Creating a permanent FMAP bump for community-based support would inject billions of dollars into community-based services, expanding services to people with disabilities while expanding job opportunities for workers. This additional federal funding could be tied to maintaining worker compensation at a certain base rate, so as to ensure that the workers that provide complex and difficult assistance to seniors and people with disabilities are fairly compensated. While not a “job guarantee,” such an investment in one of the fastest growing areas of the economy would support the goal of full employment – without hurting people with disabilities through approaching support work as an employer of last resort.

If calling such an investment part of a “job guarantee” package makes it easier to pass, then this is relatively harmless, so long as it targets resources towards the existing service system and treats those providing support work as professionals.

Better still, such proposals should include measures to create more support jobs, by expanding services to people with disabilities who are not yet eligible for publicly funded in-home support. Today, the bulk of support work is uncompensated, in part due to income and asset restrictions on who can get Medicaid-funded services. The creation of a long-overdue universal entitlement to in-home support services would accomplish this goal.

Progressives should also look for opportunities to take into account the role support work should play in other priorities, including state minimum wage campaigns.
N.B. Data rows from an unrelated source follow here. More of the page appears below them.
Lemma matching_number_edge (K : {set T}) x y :
  x \in K -> y \in K -> r x y -> x != y -> (nu (K :\ x :\ y)).+1 <= nu K.
Proof.
move=> xK yK rxy xy; have [M KM <-] := matching_number_max (K :\ x :\ y).
have xyM : (x, y) \notin M.
  apply/negP=> xyM; move/matchingP: KM => [H1 _]; have [h1 _ _] := H1 _ xyM.
  by move: h1; rewrite !inE /= eqxx andbF.
have := cardsU1 (x, y) M; rewrite xyM add1n => <-; apply: leq_matching_number.
move/matchingP: KM => [H1 H2]; apply/matchingP; split.
- move=> p; rewrite !inE => /orP[/eqP->//|pM].
  have [h1 h2 h3] := H1 p pM; move: h1 h2; rewrite !inE.
  by case/and3P=> _ _ -> /and3P[_ _ ->].
- have avoid q : q \in M -> [disjoint [set x; y] & [set q.1; q.2]].
    move=> qM; have [h1 h2 _] := H1 q qM; move: h1 h2; rewrite !inE.
    move=> /and3P[q1y q1x _] /and3P[q2y q2x _].
    apply/disjoint_setsP => z; rewrite !inE /= => /orP[]/eqP-> /orP[]/eqP E;
      by move: q1y q1x q2y q2x; rewrite E eqxx.
  move=> p q; rewrite !inE => /orP[/eqP->|pM] /orP[/eqP->|qM]; first by rewrite eqxx.
  + by move=> _; apply: avoid.
  + by move=> _; rewrite disjoint_sym; apply: avoid.
  + exact: H2.
Qed.

Lemma matching_number_pendant (K : {set T}) x y :
  x \in K -> y \in K -> r x y -> x != y -> (forall z, z \in K -> r x z -> z = y) ->
  nu K = (nu (K :\ x :\ y)).+1.
Proof.
move=> xK yK rxy xy pendant; apply/eqP; rewrite eqn_leq matching_number_edge // andbT.
apply: leq_trans (matching_number_setD1 K y) _; rewrite ltnS.
rewrite -(@matching_number_isolated (K :\ y) x).
  by rewrite setD1C.
move=> z; rewrite !inE => /andP[zy zK]; apply/negP => rxz.
by move: zy; rewrite (pendant _ zK rxz) eqxx.
Qed.

Lemma saturatedE (K : {set T}) v :
  v \in K -> saturated r K v <-> nu (K :\ v) < nu K.
Proof.
move=> vK; split.
- move=> sat; rewrite ltnNge; apply/negP => hle.
  have [M KvM eM] := matching_number_max (K :\ v).
  have [|p pM /orP vp] := sat M.
    split; first by apply/matchingP; apply: matchingbS KvM; apply: subsetDl.
    move=> M' /matchingP KM'; rewrite eM; apply: leq_trans hle.
    exact: leq_matching_number.
  move/matchingP: KvM => [H1 _]; have [h1 h2 _] := H1 p pM; move: h1 h2.
  by rewrite !inE; case: vp => /eqP <-; rewrite eqxx.
- move=> hlt M [KM Mmax].
  case: (boolP [exists p in M, (v == p.1) || (v == p.2)]).
    by move=> /existsP[p /andP[pM vp]]; exists p.
  rewrite negb_exists => /forallP avoid; exfalso.
  have [M0 KM0 eM0] := matching_number_max K.
  have : nu K <= #|M| by rewrite -eM0; apply: Mmax; apply/matchingP.
  apply/negP; rewrite -ltnNge; apply: leq_ltn_trans hlt.
  apply: leq_matching_number; case: KM => H1 H2; apply/matchingP; split=> // p pM.
  have [h1 h2 h3] := H1 p pM; have := avoid p; rewrite pM /= negb_or.
  by case/andP=> a1 a2; rewrite !inE h1 h2 eq_sym a1 eq_sym a2.
Qed.

End MatchingNumber.

Lemma saturated_eq_in (T : finType) (r1 r2 : rel T) (K : {set T}) v :
  {in K &, r1 =2 r2} -> saturated r1 K v <-> saturated r2 K v.
Proof.
move=> e; have matchingE M : is_matching r1 K M <-> is_matching r2 K M.
  split=> -[H1 H2]; split=> // p pM; have [h1 h2 h3] := H1 p pM.
    by split; rewrite // -e.
  by split; rewrite // e.
split=> sat M [KM Mmax]; apply: sat; split; try exact/matchingE.
- by move=> M' /matchingE; apply: Mmax.
- by move=> M' /matchingE; apply: Mmax.
Qed.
State legislation and ballot initiatives to raise the minimum wage should incorporate corresponding increases in Medicaid rates for in-home support work, to avoid further exacerbating the workforce crisis in support work through wage compression.
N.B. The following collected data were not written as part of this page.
Theorem mainTheorem15 (R : realFieldType) (V : finType) (e : rel V) (beta : R) :
  symmetric e -> irreflexive e ->
  1 / 4 <= beta -> beta < 1 / 3 ->
  (forall x : V, (1 - beta) * #|V|%:R <= (vdeg e x)%:R) ->
  (exists x : V, (vdeg e x)%:R = (1 - beta) * #|V|%:R) ->
  let n : R := #|V|%:R in
  let lhs : R :=
    (1 + 3 * beta) * (kcount e 3)%:R
    + 2 / (1 - 2 * beta) * (1 - 3 * beta + (4 * beta - 1) / (29 - 75 * beta))
      * \sum_(T in cliques e 3) Dplus e beta T in
  let rhs : R :=
    2 * (1 - 2 * beta) * beta * n * (kcount e 2)%:R + 4 * (kcount e 4)%:R / n in
  rhs <= lhs /\
  (lhs = rhs ->
     (forall x : V, (vdeg e x)%:R = (1 - beta) * n) /\
     (forall E, E \in cliques e 2 -> @Dn V e R E = 1 - 2 * beta \/ @Dn V e R E = 2 * beta)).
Proof.
move=> esym eirr b_ge b_lt vdeg_ge [x0 _] n lhs rhs.
have V_gt0 : (0 < #|V|)%N by apply/card_gt0P; exists x0.
pose c : R := 2 / (1 - 2 * beta) * (1 - 3 * beta + (4 * beta - 1) / (29 - 75 * beta)).
have [rc c1] := (cb_gt b_ge b_lt, cb_le1 b_ge b_lt).
have term_ge0 := triangle_terms_ge0 esym eirr b_ge b_lt V_gt0 vdeg_ge rc c1.
have sum_eq := excess_sum esym eirr b_lt V_gt0 vdeg_ge c.
split; first by rewrite -subr_ge0 sum_eq sumr_ge0.
move=> /eqP; rewrite -subr_eq0 sum_eq => /eqP /(psumr_eq0P term_ge0) term0.
have tight := tight_edge esym eirr b_ge b_lt V_gt0 vdeg_ge rc c1 term0.
split=> [x | E /(cliques2P esym eirr) [x [y [exy ->]]]]; last exact: (tight _ _ exy).2.
have /card_gt0P [y] : (0 < vdeg e x)%N.
  by rewrite -(ltr0n R); apply: lt_le_trans (vdeg_ge x); rewrite mulr_gt0 ?ltr0n //; lra.
by rewrite inE => /tight [].
Qed.
(* Let $\eta^{(\varepsilon)}(t)$, $\varepsilon\in(0,1]$, be semi-Markov processes on $\mathbb{X}=\{1,\dots,N\}$ built from Markov renewal processes as in the context, satisfying condition A of the context and conditions B and C of the context for some $\varepsilon_0\in(0,1]$. Fix $r\in\mathbb{X}$, assume $\mathsf P\{\eta^{(\varepsilon)}_0=r\}=0$, and let $_r\eta^{(\varepsilon)}(t)$ be the reduced semi-Markov process on $_r\mathbb{X}=\mathbb{X}\setminus\{r\}$ with transition probabilities $_rQ^{(\varepsilon)}_{ij}(t)$ and expectations $_re_{ij}(\varepsilon)=\int_0^\infty t\,{}_rQ^{(\varepsilon)}_{ij}(dt)$. Then conditions B and C hold for $_r\eta^{(\varepsilon)}(t)$: $_rQ^{(\varepsilon)}_{ij}(0)=0$ and $_re_{ij}(\varepsilon)<\infty$ for all $i,j\in{}_r\mathbb{X}$, $\varepsilon\in(0,\varepsilon_0]$.
   Context: For $\varepsilon\in(0,1]$, $(\eta^{(\varepsilon)}_n,\kappa^{(\varepsilon)}_n)$, $n\ge0$, is a homogeneous Markov chain on $\mathbb{X}\times[0,\infty)$, $\kappa^{(\varepsilon)}_0=0$, with transition probabilities $Q^{(\varepsilon)}_{ij}(t)=\mathsf P\{\eta^{(\varepsilon)}_1=j,\kappa^{(\varepsilon)}_1\le t\mid\eta^{(\varepsilon)}_0=i,\kappa^{(\varepsilon)}_0=s\}$ not depending on $s$; $p_{ij}(\varepsilon)=Q^{(\varepsilon)}_{ij}(\infty)$; $e_{ij}(\varepsilon)=\int_0^\infty t\,Q^{(\varepsilon)}_{ij}(dt)$; the semi-Markov process is $\eta^{(\varepsilon)}(t)=\eta^{(\varepsilon)}_{\nu^{(\varepsilon)}(t)}$, $\nu^{(\varepsilon)}(t)=\max\{n\ge0:\kappa^{(\varepsilon)}_1+\dots+\kappa^{(\varepsilon)}_n\le t\}$. Condition A: there exist $\mathbb{Y}_i\subseteq\mathbb{X}$ and $\varepsilon_0\in(0,1]$ such that for $\varepsilon\in(0,\varepsilon_0]$: $p_{ij}(\varepsilon)>0$ for $j\in\mathbb{Y}_i$, $p_{ij}(\varepsilon)=0$ for $j\notin\mathbb{Y}_i$, and for every $i,j$ there exist $n\ge1$, $i=l_0,\dots,l_n=j$ with $l_{k+1}\in\mathbb{Y}_{l_k}$. Condition B: $Q^{(\varepsilon)}_{ij}(0)=0$ for all $i,j$, $\varepsilon\in(0,\varepsilon_0]$. Condition C: $e_{ij}(\varepsilon)<\infty$ for all $i,j$, $\varepsilon\in(0,\varepsilon_0]$. Reduced process: $_r\xi_0=0$, $_r\xi_n=\min\{k>{}_r\xi_{n-1}:\eta^{(\varepsilon)}_k\in{}_r\mathbb{X}\}$, $_r\eta^{(\varepsilon)}_n=\eta^{(\varepsilon)}_{_r\xi_n}$, $_r\kappa^{(\varepsilon)}_0=0$, $_r\kappa^{(\varepsilon)}_n=\sum_{k={}_r\xi_{n-1}+1}^{_r\xi_n}\kappa^{(\varepsilon)}_k$; this is a Markov renewal process on $_r\mathbb{X}\times[0,\infty)$ with transition probabilities $_rQ^{(\varepsilon)}_{ij}(t)=\mathsf P\{{}_r\eta^{(\varepsilon)}_1=j,{}_r\kappa^{(\varepsilon)}_1\le t\mid{}_r\eta^{(\varepsilon)}_0=i\}$, and $_r\eta^{(\varepsilon)}(t)$ is its semi-Markov process. *)

From HB Require Import structures.
From mathcomp Require Import all_boot all_order all_algebra.
From mathcomp Require Import all_classical all_reals all_analysis.
Set Implicit Arguments. Unset Strict Implicit. Unset Printing Implicit Defensive.
Import Order.TTheory GRing.Theory Num.Theory.
Local Open Scope classical_set_scope.
Local Open Scope ring_scope.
This may require advocates to work across silos, putting forward proposals to increase spending on Medicaid at the same time and within the same legislative or ballot mechanisms as proposed changes to labor law.

Finally, progressive groups must invest in disability policy expertise. While many on the left were impressed by ADAPT’s leadership in the fight against Trumpcare, few have taken the time to understand the group’s opposition to institutionalization and activism against the nursing home lobby.

For most disability rights activists, securing Medicaid funding is only one part of a larger agenda of changing the way disability support services are delivered. Liberal and left think tanks, advocacy organizations and funders should reach out to disability rights leaders to explore how to build their expertise and competency with these issues.

The merits of a job guarantee program are well worth discussing (and beyond the scope of this article). Regardless, it is important that we do not fall prey to the fallacy of seeing aging and disability services as a place for make-work for those who cannot find employment elsewhere.

It is that kind of thinking that has brought us to our current crisis, where support work becomes the “employer of last resort” and seniors, people with disabilities and workers alike suffer from high turnover, inadequate compensation and insufficient policy attention. We can do better – and the first step is taking the people who do this work and those who need it seriously.

Ari Ne’eman is a longtime activist in the disability rights movement. He currently runs MySupport.com, an online platform helping people with disabilities connect with support workers that share their values, and is working on a book on the history of disability in the US for Simon & Schuster. Previously, he ran the Autistic Self Advocacy Network and served as one of President Obama’s appointees to the National Council on Disability.